(Data extracts Opens)

(* For every $p\ge1$ and $C>0$, the map $d_{\mathbb G,A}$ is a pseudometric on $\mathbb G$ (it is well defined on equality classes, $d_{\mathbb G,A}(G,G)=0$, it is symmetric and satisfies the triangle inequality). If $d_{\mathcal X}$ and $d_{\mathcal Y}$ are metrics, then $d_{\mathbb G,A}$ is a metric on $\mathbb G$.
   Context: Let $(\mathcal X,d_{\mathcal X})$ and $(\mathcal Y,d_{\mathcal Y})$ be pseudometric spaces (symmetric, satisfying the triangle inequality, $d(z,z)=0$), with a distinguished element $y_0\in\mathcal Y$ meaning ''no edge''. For $n\in\mathbb N_0$ write $[n]=\{1,\dots,n\}$ ($[0]=\emptyset$) and $S_n$ for the set of permutations of $[n]$. An attributed simple graph is a triple $([n],v,e)$ with $v:[n]\to\mathcal X$ and $e:[n]^2\to\mathcal Y$ symmetric ($e(i,i')=e(i',i)$) with $e(i,i)=y_0$ for all $i$; write $v_i=v(i)$, $e_{ii'}=e(i,i')$. Two graphs $([n],v,e)$, $([n],w,f)$ are regarded as equal if there is $\pi\in S_n$ with $v_i=w_{\pi(i)}$ and $e_{ii'}=f_{\pi(i)\pi(i')}$ for all $i,i'\in[n]$; $\mathbb G$ denotes the set of such graphs. GTT distance: for $p\ge1$, $C>0$ and $([m],v,e),([n],w,f)\in\mathbb G$ with $m\le n$, $$d_{\mathbb G,A}(([m],v,e),([n],w,f))=\min_{I\subset[m],\,\pi\in S_n}\Big[(m+n-2|I|)C^p+\sum_{i\in I}d_{\mathcal X}(v_i,w_{\pi(i)})^p+\tfrac12\sum_{(i,i')\in I^2}d_{\mathcal Y}(e_{ii'},f_{\pi(i)\pi(i')})^p+\tfrac12\sum_{(i,i')\in[m]^2\setminus I^2}d_{\mathcal Y}(e_{ii'},y_0)^p+\tfrac12\sum_{(j,j')\in[n]^2\setminus\pi(I)^2}d_{\mathcal Y}(y_0,f_{jj'})^p\Big]^{1/p},$$ and for $m>n$ it is defined by swapping the two arguments. *)

From HB Require Import structures.
From mathcomp Require Import all_boot all_order all_algebra all_fingroup.
From mathcomp Require Import reals exp.
Set Implicit Arguments. Unset Strict Implicit. Unset Printing Implicit Defensive.
Import Order.TTheory GRing.Theory Num.Theory.
Local Open Scope ring_scope.

Definition pseudometric_on (R : realType) (T : Type) (P : T -> Prop)
  (d : T -> T -> R) : Prop :=
  [/\ forall x, P x -> d x x = 0,
      forall x y, P x -> P y -> d x y = d y x &
      forall x y z, P x -> P y -> P z -> d x z <= d x y + d y z].

Definition pseudometric (R : realType) (T : Type) (d : T -> T -> R) : Prop :=
  pseudometric_on (fun _ => True) d.

Definition metric (R : realType) (T : Type) (d : T -> T -> R) : Prop :=
  pseudometric d /\ forall x y, d x y = 0 -> x = y.

Record graph (X Y : Type) := Graph {
  gn : nat;
  gv : 'I_gn -> X;
  ge : 'I_gn -> 'I_gn -> Y }.
Arguments gv {X Y} g _.
Arguments ge {X Y} g _ _.

Definition simple_graph (X Y : Type) (y0 : Y) (G : graph X Y) : Prop :=
  (forall i i', ge G i i' = ge G i' i) /\ (forall i, ge G i i = y0).

Definition graph_eq (X Y : Type) (G H : graph X Y) : Prop :=
  exists (h : gn G = gn H) (pi : 'S_(gn H)),
    forall i i' : 'I_(gn G),
      gv G i = gv H (pi (cast_ord h i)) /\
      ge G i i' = ge H (pi (cast_ord h i)) (pi (cast_ord h i')).

Section GTT.
Variables (R : realType) (X Y : Type) (dX : X -> X -> R) (dY : Y -> Y -> R)
  (y0 : Y) (p C : R).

(Data extracts Closes)

▶ [What the task asks]
Reproduce all of the data exactly as given.

▶ [Your response]
(* For every $p\ge1$ and $C>0$, the map $d_{\mathbb G,A}$ is a pseudometric on $\mathbb G$ (it is well defined on equality classes, $d_{\mathbb G,A}(G,G)=0$, it is symmetric and satisfies the triangle inequality). If $d_{\mathcal X}$ and $d_{\mathcal Y}$ are metrics, then $d_{\mathbb G,A}$ is a metric on $\mathbb G$.
   Context: Let $(\mathcal X,d_{\mathcal X})$ and $(\mathcal Y,d_{\mathcal Y})$ be pseudometric spaces (symmetric, satisfying the triangle inequality, $d(z,z)=0$), with a distinguished element $y_0\in\mathcal Y$ meaning ''no edge''. For $n\in\mathbb N_0$ write $[n]=\{1,\dots,n\}$ ($[0]=\emptyset$) and $S_n$ for the set of permutations of $[n]$. An attributed simple graph is a triple $([n],v,e)$ with $v:[n]\to\mathcal X$ and $e:[n]^2\to\mathcal Y$ symmetric ($e(i,i')=e(i',i)$) with $e(i,i)=y_0$ for all $i$; write $v_i=v(i)$, $e_{ii'}=e(i,i')$. Two graphs $([n],v,e)$, $([n],w,f)$ are regarded as equal if there is $\pi\in S_n$ with $v_i=w_{\pi(i)}$ and $e_{ii'}=f_{\pi(i)\pi(i')}$ for all $i,i'\in[n]$; $\mathbb G$ denotes the set of such graphs. GTT distance: for $p\ge1$, $C>0$ and $([m],v,e),([n],w,f)\in\mathbb G$ with $m\le n$, $$d_{\mathbb G,A}(([m],v,e),([n],w,f))=\min_{I\subset[m],\,\pi\in S_n}\Big[(m+n-2|I|)C^p+\sum_{i\in I}d_{\mathcal X}(v_i,w_{\pi(i)})^p+\tfrac12\sum_{(i,i')\in I^2}d_{\mathcal Y}(e_{ii'},f_{\pi(i)\pi(i')})^p+\tfrac12\sum_{(i,i')\in[m]^2\setminus I^2}d_{\mathcal Y}(e_{ii'},y_0)^p+\tfrac12\sum_{(j,j')\in[n]^2\setminus\pi(I)^2}d_{\mathcal Y}(y_0,f_{jj'})^p\Big]^{1/p},$$ and for $m>n$ it is defined by swapping the two arguments. *)

From HB Require Import structures.
From mathcomp Require Import all_boot all_order all_algebra all_fingroup.
From mathcomp Require Import reals exp.
Set Implicit Arguments. Unset Strict Implicit. Unset Printing Implicit Defensive.
Import Order.TTheory GRing.Theory Num.Theory.
Local Open Scope ring_scope.

Definition pseudometric_on (R : realType) (T : Type) (P : T -> Prop)
  (d : T -> T -> R) : Prop :=
  [/\ forall x, P x -> d x x = 0,
      forall x y, P x -> P y -> d x y = d y x &
      forall x y z, P x -> P y -> P z -> d x z <= d x y + d y z].

Definition pseudometric (R : realType) (T : Type) (d : T -> T -> R) : Prop :=
  pseudometric_on (fun _ => True) d.

Definition metric (R : realType) (T : Type) (d : T -> T -> R) : Prop :=
  pseudometric d /\ forall x y, d x y = 0 -> x = y.

Record graph (X Y : Type) := Graph {
  gn : nat;
  gv : 'I_gn -> X;
  ge : 'I_gn -> 'I_gn -> Y }.
Arguments gv {X Y} g _.
Arguments ge {X Y} g _ _.

Definition simple_graph (X Y : Type) (y0 : Y) (G : graph X Y) : Prop :=
  (forall i i', ge G i i' = ge G i' i) /\ (forall i, ge G i i = y0).

Definition graph_eq (X Y : Type) (G H : graph X Y) : Prop :=
  exists (h : gn G = gn H) (pi : 'S_(gn H)),
    forall i i' : 'I_(gn G),
      gv G i = gv H (pi (cast_ord h i)) /\
      ge G i i' = ge H (pi (cast_ord h i)) (pi (cast_ord h i')).

Section GTT.
Variables (R : realType) (X Y : Type) (dX : X -> X -> R) (dY : Y -> Y -> R)
  (y0 : Y) (p C : R).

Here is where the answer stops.